One crosses the border to become a new person. One finishes a manuscript and cuts off the characters. One adopts a language. These are false and forced frameworks, providing illusory freedom, as time provides illusory leniency when we, in anguish, let it pass monotonously. “To kill time,” an English phrase that still chills me: time can be killed but only by frivolous matters and purposeless activities. No one thinks of suicide as a courageous endeavor to kill time.

(“To Speak is to Blunder: Choosing to renounce a mother tongue” also appeared as a stand-alone essay in this year’s first issue of The New Yorker.)

It is important to note that a large portion of Li’s discourse centers not around visible symptoms of depression, but on the idea of suicide itself. She often directly pushes back against the disembodied arguments that call the act selfish or ungrateful. The book isn’t necessarily a vindication of suicide, but it would be hard for some readers to get through without feeling buried or surrounded by the internal logic, those knots of thought that she threads around herself and her reader.

That being said, as a reader and writer who struggles with mental illness, for me it’s so refreshing to find a writer who finally addresses the real “thought-spirals” of depression, instead of merely describing symptoms like I couldn’t get out of bed all day — a type of discourse which seems to be overwhelmingly dominant in today’s mental health discussions, especially online.

In many ways, Dear Friend, from My Life I Write to You in Your Life provides a much-needed different lens for thinking about mental illness in the sphere of ideas rather than buzzwords like self-love or self-care. While those are certainly important to our conversations, they will always be a step removed from the self.

Li writes that she “struggle[s] with a lack of depth perception,” but in many ways, depth perception is what this memoir brings to the table. The perspective, at face value, is familiar: person-with-mental-illness-pens-memoir-after-suicide-attempts almost seems like a trope, albeit an important one. But by writing through a refraction of everything she has read — from Turgenev to McGahern to Woolf — Li is able to present this “familiar” perspective with an astonishingly unfamiliar amount of depth.
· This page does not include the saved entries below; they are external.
Lemma mul22_Gamma (w v : L2) : mul22 A w v = (w *m Gamma A *m v^T) 0 0.
Proof.
have expand : mul22 A w v = \sum_i \sum_j w 0 i * mul22 A (ebasis i) (ebasis j) * v 0 j.
  rewrite {1}(row_ebasis w) (additive_fun_sum (mul22_additivel v)); apply: eq_bigr => i _.
  rewrite mul22Mzl {1}(row_ebasis v) (additive_fun_sum (mul22_additiver _)) mulr_suml.
  by apply: eq_bigr => j _; rewrite mul22Mzr; ring.
rewrite expand mxE exchange_big; apply: eq_bigr => j _; rewrite !mxE mulr_suml.
by apply: eq_bigr => i _; rewrite !mxE.
Qed.

Lemma bform_GammaQ (w v : L2) : bform GammaQ (int2rat w) (int2rat v) = (mul22 A w v)%:~R.
Proof. by rewrite mul22_Gamma /bform /GammaQ /int2rat map_trmx -!map_mxM mxE. Qed.

Lemma GammaQ_sym : GammaQ^T = GammaQ.
Proof. by apply/matrixP => i j; rewrite !mxE mul22C. Qed.

(* The dual basis rows X j, with X j . y = y_j, form a left inverse of Gamma. *)
Lemma GammaQ_unit : GammaQ \in unitmx.
Proof.
have [perfect22 _] : perfect (mul22 A) by case: HA => _ [_ [_ [_ [_ [_ [_ []]]]]]].
have coord_additive j : additive_fun (fun y : L2 => y 0 j) by move=> y y'; rewrite mxE.
have /fin_all_exists [X dualX] j : exists x : L2, forall y, mul22 A x y = y 0 j.
  by have [x [xj _]] := perfect22 _ (coord_additive j); exists x.
pose Xm : 'M[int]_(b2 A) := \matrix_j X j.
have XmGamma : Xm *m Gamma A = 1%:M.
  apply/matrixP => j k; have := dualX j (ebasis k).
  rewrite mul22_Gamma -(rowK X j) -row_mul /ebasis trmx_delta -colE !mxE => ->.
  by rewrite eq_sym.
have := congr1 (@int2rat _ _) XmGamma; rewrite /int2rat map_mxM map_mx1 => /mulmx1_unit.
by case.
Qed.

Local Open Scope sesquilinear_scope.

Lemma GammaQ_no_pos_orth_pair : bplus_one A -> no_pos_orth_pair GammaQ.
Proof.
move=> [lam [Gchar one_pos]] p q pq0 pp_gt0 qq_gt0.
set GC := map_mx _ (Gamma A) in Gchar.
have GC_herm : GC \is hermsymmx.
  apply: realsym_hermsym; last by apply/mxOverP => i j; rewrite mxE realz.
  by apply/is_hermitianmxP; rewrite expr0 scale1r; apply/matrixP => i j; rewrite !mxE mul22C.
have GC_bform x y :
    (map_mx ratr x *m GC *m (map_mx ratr y)^t* ) 0 0 = ratr (bform GammaQ x y) :> algC.
  have -> : GC = map_mx ratr GammaQ by apply/matrixP => i j; rewrite !mxE ratr_int.
  have -> : (map_mx ratr y)^t* = map_mx (@ratr algC) y^T.
    by apply/matrixP => i j; rewrite !mxE fmorph_rat.
  by rewrite -!map_mxM mxE.
apply: (hermitian_one_pos_eig_no_orth_pair GC_herm Gchar one_pos
          (a := map_mx ratr p) (b := map_mx ratr q)); rewrite GC_bform.
- by rewrite ltr0q.
- by rewrite ltr0q.
- by rewrite pq0 rmorph0.
- by rewrite bform_sym ?GammaQ_sym // pq0 rmorph0.
Qed.

Local Close Scope sesquilinear_scope.

Lemma prod4_eq0 : bplus_one A -> forall x y z w, prod4 x y z w = 0.
Proof.
move=> Hb; apply: prod4_eq0_of_no_pair => p q pq0 pp_gt0 qq_gt0.
by apply: (GammaQ_no_pos_orth_pair Hb (a := int2rat p) (b := int2rat q));
  rewrite bform_GammaQ ?pq0 ?ltr0z.
Qed.

Definition prodQ (i j : 'I_(b1 A)) : 'rV[rat]_(b2 A) := int2rat (mul11 A (ebasis i) (ebasis j)).

Definition ITQ : 'M[rat]_(b2 A) := (\sum_i \sum_j <<prodQ i j>>)%MS.

Lemma prodQ_sub_ITQ i j : (prodQ i j <= ITQ)%MS.
Proof. by apply: (sumsmx_sup i) => //; apply: (sumsmx_sup j) => //; rewrite genmxE. Qed.

Lemma ITQ_isotropic : bplus_one A -> ITQ *m GammaQ *m ITQ^T = 0.
Proof.
move=> Hb.
have gen_orth p (Z : 'M_(p, b2 A)) :
    (forall i j, prodQ i j *m GammaQ *m Z^T = 0) -> ITQ *m GammaQ *m Z^T = 0.
  move=> prodZ; apply/eqP; rewrite -mulmxA; apply/eqP/sub_kermxP.
  apply/sumsmx_subP => i _; apply/sumsmx_subP => j _; rewrite genmxE.
  by apply/sub_kermxP; rewrite mulmxA prodZ.
apply: (gen_orth) => k l; apply: trmx_inj; rewrite trmx0 !trmx_mul trmxK GammaQ_sym mulmxA.
apply: gen_orth => i j; apply/rowP => s; rewrite ord1 [RHS]mxE.
rewrite -[LHS]/(bform GammaQ (prodQ i j) (prodQ k l)) bform_GammaQ.
by rewrite -/(prod4 _ _ _ _) prod4_eq0.
Qed.

Lemma rank_IT_le1 : bplus_one A -> (rank_IT A <= 1)%N.
Proof.
move=> Hb; apply: (isotropic_rank_le1 GammaQ_sym GammaQ_unit);
  [exact: GammaQ_no_pos_orth_pair | exact: ITQ_isotropic].
Qed.

Lemma prodQC i j : prodQ j i = - prodQ i j.
Proof. by rewrite /prodQ mul11C /int2rat map_mxN. Qed.

Lemma prodQ_coords (v : 'rV[rat]_(b2 A)) : v != 0 -> (forall i j, (prodQ i j <= v)%MS) ->
  exists2 O : 'M[rat]_(b1 A), O^T = - O & forall i j, prodQ i j = O i j *: v.
Proof.
move=> v_neq0 prod_v; have /existsP[k vk] : [exists k, v 0 k != 0].
  by apply: contraR v_neq0 => /existsPn v0; apply/eqP/rowP => k; rewrite mxE; apply/eqP/negPn.
pose O := \matrix_(i, j) (prodQ i j 0 k / v 0 k).
have prodO i j : prodQ i j = O i j *: v.
  have [D defD] := submxP (prod_v i j).
  have prod_D : prodQ i j = D 0 0 *: v by rewrite defD {1}[D]mx11_scalar mul_scalar_mx.
  by rewrite {1}prod_D mxE prod_D mxE mulfK.
exists O => //; apply/matrixP => i j; rewrite !mxE.
by have /rowP/(_ k) := prodQC i j; rewrite !mxE => ->; rewrite mulNr.
Qed.

Lemma rank_kerT_coords (v : 'rV[rat]_(b2 A)) (O : 'M[rat]_(b1 A)) :
  v != 0 -> (forall i j, prodQ i j = O i j *: v) -> rank_kerT A = (b1 A - \rank O)%N.
Proof.
move=> v_neq0 prodO; have v_free : row_free v by rewrite /row_free rank_rV v_neq0.
have Tmat_col j : int2rat (Tmat j) = col j O *m v.
  apply/matrixP => i l; rewrite !mxE big_ord1 !mxE.
  by have /rowP/(_ l) := prodO i j; rewrite !mxE.
have ker_col p (K : 'M_(p, b1 A)) j : (K <= kermx (int2rat (Tmat j)))%MS = (K *m col j O == 0).
  by apply/sub_kermxP/eqP => [|KO]; rewrite Tmat_col mulmxA;
    [move/eqP; rewrite mulmx_free_eq0 // => /eqP | rewrite KO mul0mx].
rewrite /rank_kerT -mxrank_ker; apply: eqmx_rank; apply/andP; split.
  apply/sub_kermxP/matrixP => r j; rewrite [RHS]mxE.
  have /eqP/matrixP/(_ r 0) : (\bigcap_i kermx (int2rat (Tmat i)))%MS *m col j O == 0.
    by rewrite -ker_col; apply: (bigcapmx_inf j).
  by rewrite colE mulmxA -colE !mxE.
by apply/sub_bigcapmxP => j _; rewrite ker_col colE mulmxA mulmx_ker mul0mx.
Qed.

Lemma rank_kerT_full : (forall i j, prodQ i j = 0) -> rank_kerT A = b1 A.
Proof.
move=> prod0; apply/eqP; rewrite eqn_leq rank_leq_col -{1}(mxrank1 rat (b1 A)).
apply: mxrankS; apply/sub_bigcapmxP => j _; apply/sub_kermxP.
suff -> : int2rat (Tmat j) = 0 by rewrite mulmx0.
by apply/matrixP => i k; have /rowP/(_ k) := prod0 i j; rewrite !mxE.
Qed.

End CohomologyAlgebra.

Theorem mainTheorem3 (A : coh_data) :
  is_cohomology_algebra A -> bplus_one A ->
  (rank_IT A <= 1)%N /\ ~~ odd (tilde_b1 A).
Proof.
move=> HA Hb; split; first exact: rank_IT_le1.
have [v ITv] := rank_le1_sub_row (rank_IT_le1 HA Hb).
have prod_v i j : (prodQ i j <= v)%MS := submx_trans (prodQ_sub_ITQ i j) ITv.
have [v0|v_neq0] := eqVneq v 0.
  rewrite /tilde_b1 rank_kerT_full ?subnn // => i j.
  by apply: (@submx0null _ _ 1); rewrite -v0.
have [O O_skew prodO] := prodQ_coords HA v_neq0 prod_v.
by rewrite /tilde_b1 (rank_kerT_coords v_neq0 prodO) subKn ?rank_leq_row ?skew_rank_even.
Qed.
Perhaps Yiyun Li’s intensely intimate relationship with English — her own “private language” — is what made me feel distant as a reader in the beginning. When I reached that chapter on language, I realized that I was a guest here, dwelling inside of her words. It was not like reading a diary, a critique disproportionately wielded against female memoirists. Instead, it was like stepping into a threshold of the mind, and being allowed to see the patterns of thought as clearly as footprints on the floor.

The intense closeness of reading what’s on (or surrounding, or entrapping) someone’s mind, combined with the unbridgeable distance of each other’s unknowability, results in a kind of beautiful dissonance. By the second half of the memoir, I no longer felt that I was being held at arms length; I felt — to appropriate Li’s phrase for another purpose — invisible, but not estranged.